The element missing in the cases against Chiasson and Newman, according to the Court of Appeals, was proof, beyond a reasonable doubt, that they knew the tippers had personally benefitted from the disclosure. In fact, there was no evidence that Chiasson and Newman even knew the identity of the ultimate sources of the non-public information (who have not been prosecuted), let alone that the sources derived a personal benefit.

While what it did was not without precedent, the Court of Appeals adopted as narrow a definition of insider trading as you will find anywhere. The court also suggested that perhaps it was too easy to convict traders and even that the government was getting a bit too aggressive in bringing insider trading cases. In other words, the Court of Appeals was concerned that the law does not require a “symmetry of information,” so that a prosecutor should not see a crime wherever there is unequal access to information.

Those are fair points, but the cases of Chiasson and Newman were not particularly good vehicles for making them. Both were evidently aware that they were trading on information unavailable to others, no matter how diligently the others worked to discover it. Both, and especially Chiasson, made substantial profits on their trades.

So what are the broader ramifications of the decision? For one thing, it will have no impact on prosecutions such as those of Raj Rajaratnam, co-founder of Galleon Group LLC, and Mathew Martoma of S.A.C. Capital Advisors L.P., which did not involve a long chain of tippers and in which the jurors were required to find that Rajaratnam and Martoma were aware that the tippers had gained a personal benefit.

Where the government will be hamstrung is in cases similar to Chiasson’s and Newman’s, in which the source of the information is remote from, or unknown to, the tippee who trades on it. Where there is a chain of sources, or a far flung network disseminating information, a conviction may be virtually impossible.

Is this good as a matter of policy? It really depends upon whether you think it is too easy for the government to obtain convictions in insider trading cases. After all, the Dell and Nvidia trades of Chiasson and Newman have the potential to undermine investor confidence in the markets just as much as the most aggravated examples of insider trading which led to long sentences for other traders.
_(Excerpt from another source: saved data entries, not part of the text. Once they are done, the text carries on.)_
Lemma Y_gain :
  (forall n, bid_gain v1 Y n <= v1 * (1 - b / INR m) + 1) /\
  (forall n, (n <= 2 * m + 1)%nat -> (n = 0%nat -> b = INR m) ->
             bid_gain v1 Y n = v1 * (1 - b / INR m) + 1).
Proof.
  assert (hM : 1 <= INR m) by exact (le_INR 1 m hm).
  assert (hscale : v1 * (b / INR m) = INR (m + 1) * 2).
  { rewrite INR_succ_m. replace v1 with (2 * (INR m * (INR m + 1) / b)) by lra. field. lra. }
  assert (hrest : 0 <= v1 * (1 - b / INR m)).
  { replace v1 with (2 * (INR m * (INR m + 1) / b)) by lra.
    replace (2 * (INR m * (INR m + 1) / b) * (1 - b / INR m))
      with (2 * (INR m + 1) * ((INR m - b) / b)) by (field; lra).
    apply Rmult_le_pos; [lra|]. apply Rmult_le_pos; [lra|]. apply Rlt_le, Rinv_0_lt_compat; lra. }
  assert (hgain : forall n, bid_gain v1 Y n =
     v1 * (1 - b / INR m) * midcdf (dirac 0) n + 2 * INR (m + 1) * midcdf (UE m) n - INR n).
  { intros n. unfold bid_gain. rewrite (midcdf_ext _ _ n hY), midcdf_lin.
    replace (2 * INR (m + 1)) with (v1 * (b / INR m)) by lra. ring. }
  split.
  - intros n. rewrite hgain. pose proof (midcdf_UE_le m n) as hUE.
    destruct n as [|n]; [rewrite midcdf_dirac0_zero|rewrite midcdf_dirac0_succ];
      simpl (INR 0) in *; lra.
  - intros n hn hzero. rewrite hgain, midcdf_UE_eq by exact hn.
    destruct n as [|n]; [|rewrite midcdf_dirac0_succ; ring].
    rewrite (hzero eq_refl), Rdiv_diag by lra. simpl. ring.
Qed.

Lemma Y_support : forall n, Y n <> 0 -> exists k, (k <= m)%nat /\ n = (2 * k)%nat.
Proof.
  intros n hYn. rewrite hY in hYn.
  destruct (Nat.Even_or_Odd n) as [[k ->]|[k ->]].
  - exists k. split; [|reflexivity].
    destruct (le_lt_dec k m) as [hk|hk]; [exact hk|exfalso].
    rewrite UE_even in hYn. unfold dirac in hYn.
    revert hYn. case_nat_tests; intros hYn; try lia. apply hYn. ring.
  - exfalso. rewrite UE_odd in hYn. unfold dirac in hYn.
    revert hYn. case_nat_tests; intros hYn; try lia. apply hYn. ring.
Qed.

End PlayerTwo.

Theorem lemma6
  (v1 v2 : R) (m : nat) (alpha b : R)
  (X Y : nat -> R)
  (lamO lamE : R) (lam kap : nat -> R)
  (hv : v1 >= v2) (hv2 : v2 > 0) (hm : (1 <= m)%nat)
  (ha : 0 < alpha < 1) (hb : 0 < b <= INR m)
  (hval : INR m * (INR m + 1) / b = v1 / 2)
  (hlotto : lotto_Nash (INR m + alpha) b X Y)
  (hY : forall n, Y n = (1 - b / INR m) * dirac 0 n + b / INR m * UE m n)
  (hXa : alpha <= (INR m + 1) / (2 * INR m + 1) ->
     forall n, X n =
       lamO * ((1 - alpha) * UO m n + alpha * UO (m + 1) n)
     + lamE * ((1 - alpha) * UE m n + alpha * UO (m + 1) n)
     + sumR m (fun j => lam j *
         (alpha * ((2 * INR m + 1) / (INR m + 1)) * V j m n
          + (1 - alpha * ((2 * INR m + 1) / (INR m + 1))) * UO m n))
     + sumR m (fun j => kap j *
         (alpha * ((2 * INR m + 1) / (INR m + 1)) * V j m n
          + (1 - alpha * ((2 * INR m + 1) / (INR m + 1))) * UE m n)))
  (hXb : (INR m + 1) / (2 * INR m + 1) < alpha ->
     (forall n, X n =
       lamO * ((1 - alpha) * UO m n + alpha * UO (m + 1) n)
     + lamE * ((1 - alpha) * UE m n + alpha * UO (m + 1) n)
     + sumR m (fun j => lam j *
         ((1 - alpha) * ((2 * INR m + 1) / INR m) * V j m n
          + (1 - (1 - alpha) * ((2 * INR m + 1) / INR m)) * UO (m + 1) n)))
     /\ (forall j, (1 <= j <= m)%nat -> kap j = 0))
  (hnn : 0 <= lamO /\ 0 <= lamE /\
     (forall j, (1 <= j <= m)%nat -> 0 <= lam j /\ 0 <= kap j))
  (hsum : lamO + lamE + sumR m lam + sumR m kap = 1)
  (hgt : INR m > b -> lamE = 0 /\ sumR m kap = 0)
  (heq : (INR m + 1 - alpha) / (INR m * (INR m + 1)) - 2 / v2 =
     lamE * ((1 - alpha) / (INR m * (INR m + 1)))
     + sumR m (fun j => kap j * (1 / (INR m + 1)) *
         ((1 - alpha) / INR m - alpha / (INR m + 1)))) :
  allpay_Nash v1 v2 X Y.
Proof.
  destruct hlotto as [hXs [_ [hYs _]]].
  assert (hform : mixture_form m alpha lamO lamE lam kap X).
  { destruct (Rle_or_lt alpha ((INR m + 1) / (2 * INR m + 1))) as [hlow|hhigh].
    - left. exact (conj hlow (hXa hlow)).
    - right. exact (conj hhigh (hXb hhigh)). }
  destruct (Y_gain v1 b m Y hm hb hval hY) as [gain1_le gain1_eq].
  destruct (slope_gain v2 m X hv2 (mixture_slope m alpha lamO lamE lam kap hm ha hnn
              v2 hsum heq X hform)) as [gain2_le gain2_eq].
  split; [exact hXs|]. split; [exact hYs|]. split.
  - apply (best_response v1 X Y _ hXs hYs gain1_le).
    intros n hXn. destruct (mixture_support m alpha lamO lamE lam kap X hform n hXn)
      as [hn hn0].
    apply gain1_eq; [exact hn|]. intros hz.
    destruct (Req_dec b (INR m)) as [e|ne]; [exact e|].
    exfalso. apply (hn0 hz), hgt. lra.
  - intros q' hq'. unfold P2. rewrite !(PrEq_comm X).
    apply (best_response v2 Y X _ hYs hXs gain2_le); [|exact hq'].
    intros n hYn. destruct (Y_support b m Y hm hY n hYn) as [k [hk ->]]. exact (gain2_eq k hk).
Qed.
The average investor is unlikely to see the relevance of whether a trader knew that a remote source of information benefitted from the tip or indeed whether there even was a benefit to the source.

You can debate the wisdom of what the Court of Appeals did, but what you can’t debate is that we need a statute to put the matter to rest for the sake of the criminal justice system, the SEC and professionals who must evaluate the information they receive on a daily basis.

Endnotes

1 United States v. Newman, Docket Nos. 13-1837-cr and 13-1917-cr (2d Cir. Dec. 10, 2014).